**TASK PROMPT:**
Exactly the lines from the start of the data through the line containing "intros eps Heps." should be output, with both ends kept and nothing added.

**TASK INPUTS:**

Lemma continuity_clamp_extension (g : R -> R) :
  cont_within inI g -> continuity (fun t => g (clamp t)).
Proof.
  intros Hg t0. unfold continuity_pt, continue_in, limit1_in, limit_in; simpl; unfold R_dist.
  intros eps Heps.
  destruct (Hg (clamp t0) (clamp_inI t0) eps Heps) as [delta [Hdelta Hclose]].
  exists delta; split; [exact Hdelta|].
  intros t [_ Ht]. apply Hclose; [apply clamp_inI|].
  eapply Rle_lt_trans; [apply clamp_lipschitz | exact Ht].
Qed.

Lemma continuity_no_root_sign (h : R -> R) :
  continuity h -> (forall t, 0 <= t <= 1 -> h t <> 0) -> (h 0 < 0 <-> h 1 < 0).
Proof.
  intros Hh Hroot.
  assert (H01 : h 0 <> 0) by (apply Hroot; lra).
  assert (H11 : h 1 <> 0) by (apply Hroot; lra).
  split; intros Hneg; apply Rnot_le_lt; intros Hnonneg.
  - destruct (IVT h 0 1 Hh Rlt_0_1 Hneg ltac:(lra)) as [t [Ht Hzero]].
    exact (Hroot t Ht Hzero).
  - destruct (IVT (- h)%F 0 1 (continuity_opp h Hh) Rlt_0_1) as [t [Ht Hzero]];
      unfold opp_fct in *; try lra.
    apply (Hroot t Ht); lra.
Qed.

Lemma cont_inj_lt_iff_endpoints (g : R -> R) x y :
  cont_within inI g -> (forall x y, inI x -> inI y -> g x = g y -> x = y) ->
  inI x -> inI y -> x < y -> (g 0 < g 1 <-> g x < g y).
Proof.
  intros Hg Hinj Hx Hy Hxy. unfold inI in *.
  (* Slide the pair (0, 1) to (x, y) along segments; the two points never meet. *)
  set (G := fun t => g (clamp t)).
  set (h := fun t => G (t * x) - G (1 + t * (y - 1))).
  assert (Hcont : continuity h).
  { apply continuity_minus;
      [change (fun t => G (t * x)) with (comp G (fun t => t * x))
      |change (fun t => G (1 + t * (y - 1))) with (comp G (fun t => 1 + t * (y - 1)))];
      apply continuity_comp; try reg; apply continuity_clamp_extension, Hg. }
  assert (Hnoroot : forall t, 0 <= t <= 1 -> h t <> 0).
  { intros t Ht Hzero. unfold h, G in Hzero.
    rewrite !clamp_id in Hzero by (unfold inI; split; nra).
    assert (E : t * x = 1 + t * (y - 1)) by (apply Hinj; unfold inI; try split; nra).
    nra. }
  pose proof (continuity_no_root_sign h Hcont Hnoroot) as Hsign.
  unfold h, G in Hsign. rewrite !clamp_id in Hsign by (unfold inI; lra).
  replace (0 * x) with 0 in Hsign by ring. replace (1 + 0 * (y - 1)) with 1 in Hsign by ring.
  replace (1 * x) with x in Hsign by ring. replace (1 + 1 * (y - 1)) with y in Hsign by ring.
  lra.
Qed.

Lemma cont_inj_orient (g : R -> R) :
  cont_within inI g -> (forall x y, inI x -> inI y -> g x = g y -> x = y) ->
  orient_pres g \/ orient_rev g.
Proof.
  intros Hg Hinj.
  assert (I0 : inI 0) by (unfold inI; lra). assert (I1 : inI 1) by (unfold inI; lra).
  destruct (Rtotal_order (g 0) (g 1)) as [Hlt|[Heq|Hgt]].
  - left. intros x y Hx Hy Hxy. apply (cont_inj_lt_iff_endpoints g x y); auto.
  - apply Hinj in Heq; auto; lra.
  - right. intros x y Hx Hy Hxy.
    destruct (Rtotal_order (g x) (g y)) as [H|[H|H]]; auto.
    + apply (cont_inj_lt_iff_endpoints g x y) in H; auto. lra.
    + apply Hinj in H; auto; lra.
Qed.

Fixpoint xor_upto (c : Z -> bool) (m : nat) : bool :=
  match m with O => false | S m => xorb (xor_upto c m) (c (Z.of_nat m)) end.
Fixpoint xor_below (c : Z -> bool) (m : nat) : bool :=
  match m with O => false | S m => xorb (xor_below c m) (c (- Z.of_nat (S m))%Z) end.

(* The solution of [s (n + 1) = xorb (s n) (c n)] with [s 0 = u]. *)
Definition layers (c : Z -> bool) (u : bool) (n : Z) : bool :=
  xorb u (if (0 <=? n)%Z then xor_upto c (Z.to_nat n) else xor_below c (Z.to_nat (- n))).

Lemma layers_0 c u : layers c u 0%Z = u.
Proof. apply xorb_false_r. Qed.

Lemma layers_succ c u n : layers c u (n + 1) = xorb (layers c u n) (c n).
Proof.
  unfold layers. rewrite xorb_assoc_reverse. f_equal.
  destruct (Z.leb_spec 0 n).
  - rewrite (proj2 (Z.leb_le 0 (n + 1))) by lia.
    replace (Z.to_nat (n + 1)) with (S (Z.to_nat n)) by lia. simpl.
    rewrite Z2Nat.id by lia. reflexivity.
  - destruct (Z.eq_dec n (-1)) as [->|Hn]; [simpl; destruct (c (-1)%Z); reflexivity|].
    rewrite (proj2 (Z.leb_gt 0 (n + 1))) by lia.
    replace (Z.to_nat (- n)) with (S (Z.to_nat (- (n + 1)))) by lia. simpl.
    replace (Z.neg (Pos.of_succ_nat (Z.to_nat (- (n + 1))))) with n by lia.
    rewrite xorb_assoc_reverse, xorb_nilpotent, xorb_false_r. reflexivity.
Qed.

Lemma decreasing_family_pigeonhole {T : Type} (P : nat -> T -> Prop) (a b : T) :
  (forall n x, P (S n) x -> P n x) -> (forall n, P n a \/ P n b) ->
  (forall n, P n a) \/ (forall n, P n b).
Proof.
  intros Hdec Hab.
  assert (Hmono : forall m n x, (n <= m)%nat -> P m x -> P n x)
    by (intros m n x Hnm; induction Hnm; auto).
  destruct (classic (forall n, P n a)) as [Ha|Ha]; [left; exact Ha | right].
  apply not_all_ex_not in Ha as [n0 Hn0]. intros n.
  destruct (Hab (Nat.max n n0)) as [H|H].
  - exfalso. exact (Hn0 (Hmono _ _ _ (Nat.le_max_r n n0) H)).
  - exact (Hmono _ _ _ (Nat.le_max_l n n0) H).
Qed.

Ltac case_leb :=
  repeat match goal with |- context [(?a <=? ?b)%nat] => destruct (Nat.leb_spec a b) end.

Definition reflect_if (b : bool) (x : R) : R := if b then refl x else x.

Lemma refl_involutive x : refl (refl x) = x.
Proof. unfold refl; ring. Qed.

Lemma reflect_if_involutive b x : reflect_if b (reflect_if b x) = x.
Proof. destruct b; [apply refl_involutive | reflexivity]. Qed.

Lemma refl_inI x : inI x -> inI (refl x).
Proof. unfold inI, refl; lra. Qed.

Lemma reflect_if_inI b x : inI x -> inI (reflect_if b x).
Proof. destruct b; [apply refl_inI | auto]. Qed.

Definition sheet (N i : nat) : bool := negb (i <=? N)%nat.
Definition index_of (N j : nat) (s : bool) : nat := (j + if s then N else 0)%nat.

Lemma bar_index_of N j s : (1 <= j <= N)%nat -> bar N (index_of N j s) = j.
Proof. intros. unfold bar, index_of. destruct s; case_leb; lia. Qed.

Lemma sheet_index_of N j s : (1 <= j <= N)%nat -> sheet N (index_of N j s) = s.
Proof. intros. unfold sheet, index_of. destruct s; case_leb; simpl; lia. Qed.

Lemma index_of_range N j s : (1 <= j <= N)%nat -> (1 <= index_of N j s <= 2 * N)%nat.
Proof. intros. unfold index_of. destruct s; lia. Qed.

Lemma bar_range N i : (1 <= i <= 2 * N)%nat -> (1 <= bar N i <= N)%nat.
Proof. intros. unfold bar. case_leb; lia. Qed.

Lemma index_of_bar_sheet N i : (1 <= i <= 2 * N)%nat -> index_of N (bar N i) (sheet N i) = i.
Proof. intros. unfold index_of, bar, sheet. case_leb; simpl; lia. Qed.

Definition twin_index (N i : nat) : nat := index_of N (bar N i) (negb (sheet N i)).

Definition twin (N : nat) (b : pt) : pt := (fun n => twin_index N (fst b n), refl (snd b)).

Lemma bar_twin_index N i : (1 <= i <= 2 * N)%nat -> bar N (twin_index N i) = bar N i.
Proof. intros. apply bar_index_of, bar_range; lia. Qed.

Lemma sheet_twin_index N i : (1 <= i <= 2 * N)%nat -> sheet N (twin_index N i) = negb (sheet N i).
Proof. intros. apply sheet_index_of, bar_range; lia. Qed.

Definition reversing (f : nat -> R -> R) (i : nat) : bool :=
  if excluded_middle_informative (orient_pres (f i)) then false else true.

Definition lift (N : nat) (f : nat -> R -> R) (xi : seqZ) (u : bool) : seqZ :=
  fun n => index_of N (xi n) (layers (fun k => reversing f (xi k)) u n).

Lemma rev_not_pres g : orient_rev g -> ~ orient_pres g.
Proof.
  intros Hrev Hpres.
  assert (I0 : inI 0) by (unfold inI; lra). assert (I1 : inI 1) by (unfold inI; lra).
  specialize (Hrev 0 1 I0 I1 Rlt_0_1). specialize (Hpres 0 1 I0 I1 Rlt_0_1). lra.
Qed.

**RESULT:**
Lemma continuity_clamp_extension (g : R -> R) :
  cont_within inI g -> continuity (fun t => g (clamp t)).
Proof.
  intros Hg t0. unfold continuity_pt, continue_in, limit1_in, limit_in; simpl; unfold R_dist.
  intros eps Heps.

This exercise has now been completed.